[LeetCode] House Robber II
阿新 • • 發佈:2018-11-04
1、題目
You are a professional robber planning to rob houses along a street. Each house has a certain amount of money stashed. All houses at this place are arranged in a circle. That means the first house is the neighbor of the last one. Meanwhile, adjacent houses have security system connected and it will automatically contact the police if two adjacent houses were broken into on the same night
Given a list of non-negative integers representing the amount of money of each house, determine the maximum amount of money you can rob tonight without alerting the police.
Example 1:
Input: [2,3,2] Output: 3 Explanation: You cannot rob house 1 (money = 2) and then rob house 3 (money = 2), because they are adjacent houses.
Example 2:
Input: [1,2,3,1] Output: 4 Explanation: Rob house 1 (money = 1) and then rob house 3 (money = 3). Total amount you can rob = 1 + 3 = 4.
2、分析
這個其實還是原來的方法,只不過街道變成了圓形,第一個和最後一個是相鄰的。
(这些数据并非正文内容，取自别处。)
Definition structural (C : cons_rel) : Prop :=
  forall s G phi, C G phi -> C (image s G) (subst s phi).

Definition finitary (C : cons_rel) : Prop :=
  forall G phi, C G phi -> exists l : list form, (forall x, In x l -> G x) /\ C (setOf l) phi.

Definition least_ext (L : cons_rel) (prems : list form) (concl : form) : cons_rel :=
  fun G phi => forall C : cons_rel, is_cons C -> cons_sub L C ->
    (forall s, C (setOf (map (subst s) prems)) (subst s concl)) -> C G phi.

Definition strongly_maximal (L1 L2 : cons_rel) : Prop :=
  (cons_sub L1 L2 /\ ~ cons_sub L2 L1) /\
  forall (prems : list form) (concl : form),
    L2 (setOf prems) concl -> ~ L1 (setOf prems) concl ->
    forall G phi, least_ext L1 prems concl G phi <-> L2 G phi.

Definition validates_rule (q j : nat) (C : cons_rel) : Prop :=
  forall phi psi, C (setOf [:: nmult j (wedge phi (Neg phi))])
                    (npow q (vee psi (Neg psi))).

(* The key device is a formula [nonbool_test q p] taking the value [1/q] where [p] is not
   Boolean and [0] where it is: it runs Euclid's algorithm on [1] and [p], which yields
   [gcd(q, k)/q = 1/q] when [p] has value [k/q] with [0 < k < q], because [q] is prime.
   Multiples of this atom give substitutions ([encode]) that imitate a prescribed valuation
   where a chosen formula is non-Boolean and a two-valued one where it is Boolean.
   Substituting a countermodel in this way into a rule that holds in CPL (resp. Lbar) but
   fails in Lbar (resp. Lmat) derives [(psi \/ ~psi)^q], which forces [psi] to be Boolean,
   from nothing (resp. from [j(chi /\ ~chi)]); so the extension collapses onto CPL
   (resp. validates the rule).  Conversely, an Lbar-consequence of [G] that is not an
   Lmat-consequence comes, by compactness, from a classically inconsistent finite part of
   [G]; designating that part forces some variable to be non-Boolean, hence designates
   [j(chi /\ ~chi)] for [chi] the disjunction of the [x /\ ~x], and the rule then makes
   every variable Boolean. *)

From Pilot Require Import Defs.
From mathcomp Require Import all_boot zify.
From Stdlib Require Import List Classical ClassicalEpsilon.
Set Implicit Arguments. Unset Strict Implicit.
一開始我是不知道怎麼處理這種情況的,然後找了找答案發現,分別計算去頭去尾的最大可能結果,兩個取最大值就是最終結果,仔細思考了一下發現十分有道理。
3、程式碼
class Solution { public: int rob(vector<int>& nums) { int m1 = 0,m2=0; int n = nums.size(); if(n==0) return 0; if(n==1) return nums[0]; if(n==2) return max(nums[0],nums[1]); return max(rob(nums,0,n-1),rob(nums,1,n)); } int rob(vector<int>& nums,int left,int right) { if(right - left == 2) return max(nums[left],nums[right-1]); int nn = right - left; int dp[nn]; dp[0] = nums[left]; dp[1] = max(nums[left],nums[left+1]); for(int i=2;i<nn;i++) dp[i] = max(dp[i-2]+nums[i+left],dp[i-1]); return dp[nn-1]; } };